How to Get Away From a Conversation Without Being Rude

Written by Christopher Lewis. Posted in Blog

get away from a conversationWe are all familiar with situations when we start to feel restless during conversation with someone.

There can be a number of reasons for that, including our emotional conditions, our ways of communicating.

Sometimes these are deeper problems at the level of personality, but whatever causes unease during the conversation, we can say that most people do not know how to solve this problem without causing even bigger discomfort – both for yourself and for the other interlocutor.

What brings most of us into an unpleasant situation during the conversation?

These are usually similar things to which some people are prone:

  • to continue to talk after shared enough information
  • begin to talk about the details that we do not want to know;
  • change the topic of the conversation.

And how most of us feel about it?

Also similar to most: with unrest, nervousness, feeling of disrespect of our time and personality...

If we do not react timely, we will start feeling angry.

We can always interrupt another person in an easy way

What probably comes to mind to many of us is to simply say: “Hey, I cannot listen to you anymore.”

It would be most fair and honest thing we can say. But it would not be understood the right way.

That would sound too harsh and hurt the feelings of another person, and neither we would feel good after that.

We can endure

We all know that this is a dead end.

Next time, the collocutor will behave in the same way and we will feel guilty because we did not made him clear that conversation was not pleasant to us.

We can politely interrupt a conversation

Ask interlocutor about something that is important to him, in a way that requires clear and concise answer: “How is your daughter fit in a new city? I know she enrolled college.”

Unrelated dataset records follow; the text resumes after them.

(* Let $\mathbb J$ be strict with quotient-initial core. Then for every global point $i:\flat\mathbb I$, the inclusion $(\varepsilon(i)=1)_\bot\hookrightarrow\mathbb I/\varepsilon(i)$ is an equivalence. That is, $\prod_{i:\flat\mathbb I}\mathsf{isEquiv}\big((\varepsilon(i)=1)_\bot\hookrightarrow\mathbb I/\varepsilon(i)\big)$ holds.
   Context: Work in univalent foundations extended by a modality $\flat$ (single mode, à la Gratzer's multimodal type theory) with a counit $\varepsilon\colon\flat A\to A$. We think of $\flat A$ as the global points of $A$. Let $\mathbb J$ be a bounded distributive lattice with underlying set $\mathbb I$ and order $i\le j$ iff $i\wedge j=i$. $\mathbb J$ is strict if $\neg(0=1)$. $\mathbb J$ has quotient-initial core if the canonical map $\mathbf 2\to\flat\mathbb I$ picking out the global points $0$ and $1$ is surjective. For a proposition $P$, put $P_\bot:=\sum_{k:\mathbb I}(k=0)*P\simeq\{k:\mathbb I\mid(k=0)\vee P\}$, where $*$ is the join. Put $\mathbb I/j:=\{k:\mathbb I\mid k\le j\}$. The inclusion $(j=1)_\bot\hookrightarrow\mathbb I/j$ is the evident one, since $(k=0)\vee(j=1)$ implies $k\le j$. *)

From HB Require Import structures.
From mathcomp Require Import all_boot all_order.
Set Implicit Arguments. Unset Strict Implicit. Unset Printing Implicit Defensive.
Import Order.TTheory.
Local Open Scope order_scope.

Definition lleq d (L : tbDistrLatticeType d) (i j : L) : Prop := i `&` j = i.

(* P_bot := { k : I | (k = 0) \/ P }  (join of propositions = disjunction). *)
Definition Pbot d (L : tbDistrLatticeType d) (P : Prop) : Type :=
  { k : L | k = \bot \/ P }.

Definition slice d (L : tbDistrLatticeType d) (j : L) : Type :=
  { k : L | lleq k j }.

Lemma Pbot_to_slice_proof d (L : tbDistrLatticeType d) (j k : L) :
  k = \bot \/ j = \top -> lleq k j.
Proof.
rewrite /lleq; case=> ->; [exact: meet0x | exact: meetx1].
Qed.

Definition incl d (L : tbDistrLatticeType d) (j : L) :
  Pbot L (j = \top) -> slice j :=
  fun x => exist _ (proj1_sig x) (Pbot_to_slice_proof (proj2_sig x)).

(* Equivalence of types: bi-invertible map (types here are sets). *)
Definition isEquiv (A B : Type) (f : A -> B) : Prop := bijective f.

(* The canonical map 2 -> flat I picking out the global points 0 and 1. *)
Definition canon2 (F : Type) (g0 g1 : F) (b : bool) : F := if b then g1 else g0.

From mathcomp Require Import all_boot all_order.
From Stdlib Require Import ProofIrrelevance.
Set Implicit Arguments. Unset Strict Implicit. Unset Printing Implicit Defensive.
Import Order.TTheory.
Local Open Scope order_scope.

(* Since the core is quotient-initial, every global point of I is 0 or 1.
   For j = 1 both (j = 1)_bot and I/j are all of I, and for j = 0 both are
   {0}; so the inclusion is an equivalence at every global point. *)

Lemma lleq_bot_or_top d (L : tbDistrLatticeType d) (j k : L) :
  j = \bot \/ j = \top -> lleq k j -> k = \bot \/ j = \top.
Proof. by case=> ->; [rewrite /lleq meetx0 => <-; left | right]. Qed.

Lemma incl_bijective d (L : tbDistrLatticeType d) (j : L) :
  j = \bot \/ j = \top -> isEquiv (@incl d L j).
Proof.
move=> j01.
exists (fun s : slice j => exist _ (proj1_sig s) (lleq_bot_or_top j01 (proj2_sig s))).
  by case=> k pk; apply: ProofIrrelevanceTheory.subset_eq_compat.
by case=> k pk; apply: ProofIrrelevanceTheory.subset_eq_compat.
Qed.

Lemma canon2_image (F A : Type) (f : F -> A) (g0 g1 : F) (i : F) :
  (exists b : bool, canon2 g0 g1 b = i) -> f i = f g0 \/ f i = f g1.
Proof. by case=> [[] <-]; [right | left]. Qed.

Theorem mainTheorem19 (d : Order.disp_t) (L : tbDistrLatticeType d)
  (flat : Type -> Type) (eps : forall A : Type, flat A -> A)
  (g0 g1 : flat L) (eps_g0 : eps L g0 = \bot) (eps_g1 : eps L g1 = \top)
  (strict : ~ (\bot = \top :> L))
  (qic : forall x : flat L, exists b : bool, canon2 g0 g1 b = x) :
  forall i : flat L, isEquiv (@incl d L (eps L i)).
Proof.
move=> i; apply: incl_bijective.
by rewrite -eps_g0 -eps_g1; apply: canon2_image.
Qed.
(* A transposition of two helpers fixes the failed node and permutes the
   selections, so every helper is selected equally often. *)
Lemma nselected_const i (D : {set 'I_n}) h h' :
  i \notin D -> h \in D -> h' \in D -> nselected i D h = nselected i D h'.
Proof.
move=> iD hD h'D; apply: (card_perm_mulr (t := tperm h h')) => s.
have tperm_i : tperm h h' i = i by apply: tpermD; apply: contraNneq iD => <-.
have unplace_tperm : unplace_set (s * tperm h h')%g D = unplace_set s D.
  by apply/setP => u; rewrite !inE place_mul_tperm tperm_mem.
congr andb.
  apply/coveredP/coveredP => [[u su]|[u su]].
    by exists u; apply: (@perm_inj _ (tperm h h')); rewrite -place_mul_tperm su tperm_i.
  by exists u; rewrite place_mul_tperm su.
apply/selectedP/selectedP => [[v]|[v vD sv]].
  rewrite /helpers unplace_tperm place_mul_tperm => vD /(congr1 (tperm h h')).
  by rewrite tpermK tpermR; exists v.
exists v; first by rewrite /helpers unplace_tperm.
by rewrite place_mul_tperm sv tpermL.
Qed.

Lemma sum_nselected i (D : {set 'I_n}) : (p + n <= #|D| + m)%N ->
  (\sum_(h in D) nselected i D h = p * ncovered i)%N.
Proof.
move=> le_p; rewrite /nselected /ncovered.
under eq_bigr do rewrite -sum1dep_card big_mkcond.
rewrite exchange_big /= -sum1dep_card big_distrr /= [RHS]big_mkcond /=.
apply: eq_bigr => s _; rewrite muln1.
case: (covered s i) => /=; last by rewrite big1.
rewrite -big_mkcondr sum1dep_card /=.
rewrite -[in RHS](card_helpers s le_p) -(card_imset _ (@place_inj s)); apply: eq_card => h.
rewrite inE; apply/andP/imsetP => [[_ /selectedP [v vD <-]]|[v vD ->]]; first by exists v.
have sel : selected s D (place s v) by apply/selectedP; exists v.
by split=> //; exact: selected_mem sel.
Qed.

Lemma mul_nselected i (D : {set 'I_n}) h : i \notin D -> h \in D -> (p + n <= #|D| + m)%N ->
  (#|D| * nselected i D h = p * ncovered i)%N.
Proof.
move=> iD hD le_p; rewrite -(sum_nselected i le_p) -sum_nat_const.
by apply: eq_bigr => h' h'D; exact: nselected_const.
Qed.

End Placement.

Section EncodeSubset.
Variables (T : finType) (S : {pred T}) (N : nat).

Definition enc_in (x : T) : 'I_N.+1 := inord (index x (enum S)).

Definition dec_in (x0 : T) (y : 'I_N.+1) : T := nth x0 (enum S) y.

Lemma enc_inK x0 x : x \in S -> (#|S| <= N.+1)%N -> dec_in x0 (enc_in x) = x.
Proof.
move=> xS le_S; rewrite /dec_in /enc_in inordK ?nth_index ?mem_enum //.
by apply: leq_trans le_S; rewrite cardE index_mem mem_enum.
Qed.

End EncodeSubset.

Lemma inord_inj N a b : (a <= N)%N -> (b <= N)%N -> inord a = inord b :> 'I_N.+1 -> a = b.
Proof. by move=> aN bN /(congr1 (@nat_of_ord _)); rewrite !inordK. Qed.

Lemma card_ord_ltn N b : (b <= N)%N -> #|[pred y : 'I_N | (y < b)%N]| = b.
Proof.
move=> bN; rewrite -[RHS](card_ord b) -(card_imset _ (@widen_ord_inj _ _ bN)).
apply: eq_card => y; rewrite inE; apply/idP/imsetP => [yb|[z _ ->]] /=.
  by exists (Ordinal yb) => //; apply: val_inj.
exact: ltn_ord.
Qed.

Lemma ln_natr_prod (R : realType) (T : finType) (F : T -> nat) :
  (forall x, 0 < F x)%N -> ln ((\prod_x F x)%:R : R) = \sum_x ln ((F x)%:R).
Proof.
move=> F_gt0; rewrite natr_prod.
suff [-> _] : \sum_x ln ((F x)%:R : R) = ln (\prod_x (F x)%:R) /\ 0 < \prod_x ((F x)%:R : R).
  by [].
elim/big_rec2: _ => [|x a b _ [-> b_gt0]]; first by rewrite ln1 ltr01.
by split; [rewrite lnM ?posrE ?ltr0n | rewrite mulr_gt0 ?ltr0n].
Qed.

Lemma sumr_if_const (R : realType) (T : finType) (P : pred T) (v : R) :
  \sum_s (if P s then v else 0) = (#|[set s | P s]|)%:R * v.
Proof. by rewrite -big_mkcond sumr_const cardsE mulr_natl. Qed.

Section Composite.
Variables (R : realType) (n k d L : nat) (nj r : 'I_L -> nat) (alpha gamma : R).
Hypotheses (le_nj : forall j, (nj j <= n)%N) (nj_gt0 : forall j, (0 < nj j)%N)
  (dj_gt0 : forall j, (0 < nj j + d - n)%N) (r_gt0 : forall j, (0 < r j)%N)
  (n_gt0 : (0 < n)%N) (L_gt0 : (0 < L)%N) (gamma_ge0 : 0 <= gamma).
Variable c : forall j, dss_code (nj j) (nj j + k - n) (nj j + d - n) alpha gamma.

Local Notation aj j := (node_size (c j)).
Local Notation bj j := (link_size (c j)).
Local Notation dj j := (nj j + d - n)%N.

Definition copy := {j : 'I_L & ('I_(r j) * {perm 'I_n})%type}.

Definition copy_perm (x : copy) : {perm 'I_n} := (tagged x).2.

Definition copy_slot (x : copy) i : option 'I_(nj (tag x)) :=
  slot (le_nj (tag x)) (copy_perm x) i.

Definition copy_covered (x : copy) i := covered (le_nj (tag x)) (copy_perm x) i.

Definition copy_helpers (x : copy) D := helpers (le_nj (tag x)) (dj (tag x)) (copy_perm x) D.

Definition copy_selected (x : copy) D h :=
  selected (le_nj (tag x)) (dj (tag x)) (copy_perm x) D h.

Definition comp_files := {dffun forall x : copy, files (c (tag x))}.

Definition amax := (\max_j aj j)%N.
Definition bmax := (\max_j bj j)%N.

Definition content i (m : comp_files) : {ffun copy -> 'I_amax.+1} :=
  [ffun x => inord (if copy_slot x i is Some u then val (store (c (tag x)) u (m x)) else 0%N)].

(* Copies not covering [i] only contribute the value 0, so [#|contents i|] is
   the product of the node sizes of the copies covering [i]. *)
Definition content_bound i (x : copy) : nat :=
  if copy_slot x i is Some _ then aj (tag x) else 1%N.

Definition contents i : pred {ffun copy -> 'I_amax.+1} :=
  family (fun x => [pred y : 'I_amax.+1 | (y < content_bound i x)%N]).

Definition comp_node_size := (\max_(i : 'I_n) #|contents i|)%N.

(* [comp_node_size.-1.+1] equals the positive [comp_node_size]; the successor
   form is what [enc_in] needs. *)
Definition comp_store i m : 'I_comp_node_size.-1.+1 :=
  enc_in (contents i) comp_node_size.-1 (content i m).

Definition repairing i (D : {set 'I_n}) h := [&& i \notin D, #|D| == d & h \in D].

(* [z0] only serves to cast [y x] back into the node alphabet of the copy. *)
Definition copy_message (x : copy) i D h (y : {ffun copy -> 'I_amax.+1}) : nat :=
  match copy_slot x i, copy_slot x h, [pick z : 'I_(aj (tag x))] with
  | Some u, Some v, Some z0 =>
      if v \in copy_helpers x D then
        val (transmit (c (tag x)) u (copy_helpers x D) v (insubd z0 (y x : nat)))
      else 0%N
  | _, _, _ => 0%N
  end.

Definition message i D h y : {ffun copy -> 'I_bmax.+1} :=
  [ffun x => inord (if repairing i D h then copy_message x i D h y else 0%N)].

Definition message_bound i D h (x : copy) : nat :=
  if [&& repairing i D h, copy_covered x i & copy_selected x D h] then bj (tag x) else 1%N.

Definition messages i D h : pred {ffun copy -> 'I_bmax.+1} :=
  family (fun x => [pred z : 'I_bmax.+1 | (z < message_bound i D h x)%N]).

Definition comp_link_size :=
  (\max_(t : 'I_n * {set 'I_n} * 'I_n) #|messages t.1.1 t.1.2 t.2|)%N.

Definition comp_transmit i D h (z : 'I_comp_node_size.-1.+1) : 'I_comp_link_size.-1.+1 :=
  enc_in (messages i D h) comp_link_size.-1
    (message i D h (dec_in (contents h) [ffun _ => ord0] z)).

Lemma node_size_le_amax j : (aj j <= amax)%N.
Proof. exact: leq_bigmax. Qed.

Lemma link_size_le_bmax j : (bj j <= bmax)%N.
Proof. exact: leq_bigmax. Qed.

Lemma node_size_gt0 j : (0 < aj j)%N.
Proof.
have /card_gt0P [m0 _] := card_files_gt0 (c j).
exact: leq_trans (ltn_ord (store (c j) (Ordinal (nj_gt0 j)) m0)).
Qed.

Lemma link_size_gt0 j : (0 < bj j)%N.
Proof.
have /card_gt0P [m0 _] := card_files_gt0 (c j).
pose u := Ordinal (nj_gt0 j).
exact: leq_trans (ltn_ord (transmit (c j) u (finset.set0 : {set _}) u (store (c j) u m0))).
Qed.

Lemma dj_addn j : (dj j + n = d + nj j)%N.
Proof. by have := dj_gt0 j; lia. Qed.

Lemma val_le_amax (x : copy) (u : 'I_(aj (tag x))) : (val u <= amax)%N.
Proof. exact: ltnW (leq_trans (ltn_ord _) (node_size_le_amax _)). Qed.

Lemma val_le_bmax (x : copy) (u : 'I_(bj (tag x))) : (val u <= bmax)%N.
Proof. exact: ltnW (leq_trans (ltn_ord _) (link_size_le_bmax _)). Qed.

Lemma content_in i m : content i m \in contents i.
Proof.
apply/familyP => x; rewrite ffunE inE /content_bound.
by case: (copy_slot x i) => [u|] /=; rewrite inordK ?ltnS ?val_le_amax.
Qed.

Lemma card_comp_files : #|comp_files| = (\prod_(x : copy) #|files (c (tag x))|)%N.
Proof. by rewrite card_dep_ffun foldrE big_map big_enum. Qed.

Lemma card_comp_files_gt0 : (0 < #|comp_files|)%N.
Proof. by rewrite card_comp_files prodn_gt0 // => x; exact: card_files_gt0. Qed.

Lemma card_contents_le i : (#|contents i| <= comp_node_size)%N.
Proof. exact: (leq_bigmax i). Qed.

Lemma comp_node_size_gt0 : (0 < comp_node_size)%N.
Proof.
have /card_gt0P [m0 _] := card_comp_files_gt0.
apply: leq_trans (card_contents_le (Ordinal n_gt0)).
by apply/card_gt0P; exists (content (Ordinal n_gt0) m0); exact: content_in.
Qed.

Lemma comp_storeK i m : dec_in (contents i) [ffun _ => ord0] (comp_store i m) = content i m.
Proof.
by rewrite enc_inK ?content_in // prednK ?card_contents_le // comp_node_size_gt0.
Qed.

Lemma message_in i D h y : message i D h y \in messages i D h.
Proof.
apply/familyP => x; rewrite ffunE inE /message_bound.
case: (repairing i D h) => /=; last first.
  by rewrite inordK //; case: ifP => _ //; exact: link_size_gt0.
rewrite /copy_message /copy_covered /copy_selected /covered /selected.
rewrite -/(copy_slot x i) -/(copy_slot x h) -/(copy_helpers x D).
case: (copy_slot x i) => [u|] /=; last by rewrite inordK.
case: (copy_slot x h) => [v|] /=; last by rewrite inordK.
case: pickP => [z0 _|_]; first by case: ifP => _; rewrite inordK ?ltnS ?val_le_bmax.
by rewrite inordK //; case: ifP => _ //; exact: link_size_gt0.
Qed.

Lemma card_messages_le i D h : (#|messages i D h| <= comp_link_size)%N.
Proof. exact: (leq_bigmax (i, D, h)). Qed.

Lemma comp_link_size_gt0 : (0 < comp_link_size)%N.
Proof.
pose i0 := Ordinal n_gt0; apply: leq_trans (card_messages_le i0 finset.set0 i0).
by apply/card_gt0P; exists (message i0 finset.set0 i0 [ffun _ => ord0]); exact: message_in.
Qed.

Lemma messageK i D h y :
  dec_in (messages i D h) [ffun _ => ord0] (enc_in (messages i D h) comp_link_size.-1
    (message i D h y)) = message i D h y.
Proof.
by rewrite enc_inK ?message_in // prednK ?card_messages_le // comp_link_size_gt0.
Qed.

Lemma content_place m x v :
  content (place (le_nj (tag x)) (copy_perm x) v) m x = inord (val (store (c (tag x)) v (m x))).
Proof. by rewrite ffunE /copy_slot slot_place. Qed.

Lemma comp_reconstruct (K : {set 'I_n}) : #|K| = k -> forall m m',
  (forall h, h \in K -> comp_store h m = comp_store h m') -> m = m'.
Proof.
move=> cardK m m' same_store; apply/ffunP => x.
pose P := place (le_nj (tag x)) (copy_perm x).
set Kx := unplace_set (le_nj (tag x)) (copy_perm x) K.
have card_sub : #|subset_of_card (nj (tag x) + k - n) Kx| = (nj (tag x) + k - n)%N.
  apply: card_subset_of_card.
  by have := card_unplace_set (le_nj (tag x)) (copy_perm x) K; rewrite cardK -/Kx; lia.
apply: ((dss_code_exact (c (tag x))).1 _ card_sub) => u u_sub.
have PuK : P u \in K.
  by have := fintype.subsetP (subset_of_card_sub _ _) u u_sub; rewrite inE.
have := congr1 (dec_in (contents (P u)) [ffun _ => ord0]) (same_store _ PuK).
rewrite !comp_storeK => /ffunP /(_ x); rewrite !content_place.
by move/inord_inj => /(_ (val_le_amax _) (val_le_amax _)) /val_inj.
Qed.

This way you will let them know that you are interested for their life, but at the same time you will interrupt their stream of thoughts, and after the response, you will be able to politely end the conversation: “I'm glad all is well/good, I hope we will talk (or see each other) again soon.”

We can give subtle signs

We usually use body language to give subtle hints:

  • impatiently looking at the watch
  • looking around as if expecting someone
  • hopping at the spot
  • step back to indicate that the next moment we might as well turn and walk away, as to make the interlocutor end up the conversation.

What if it fails?

  • “I really have to go now. It was very nice seeing (hearing from) you.”
  • “Conversation with you is truly pleasant, but I know you have a lot of duties and I do not want to detain you.
    Call me sometimes, to have lunch together and talk some more.”
  • “I think we have touched all the important issues, and now I have to hurry to finish other tasks.“

It is important to remember

People have various problems.

Some are lonely. Some are overloaded with life situations.

Some simply talk too much – it's their way of discharging energy.

Do not blame them for that, but at the same time do not expose yourself to unnecessary effort because doing so, you will not solve their problems, and you will make your own life and communication more difficult.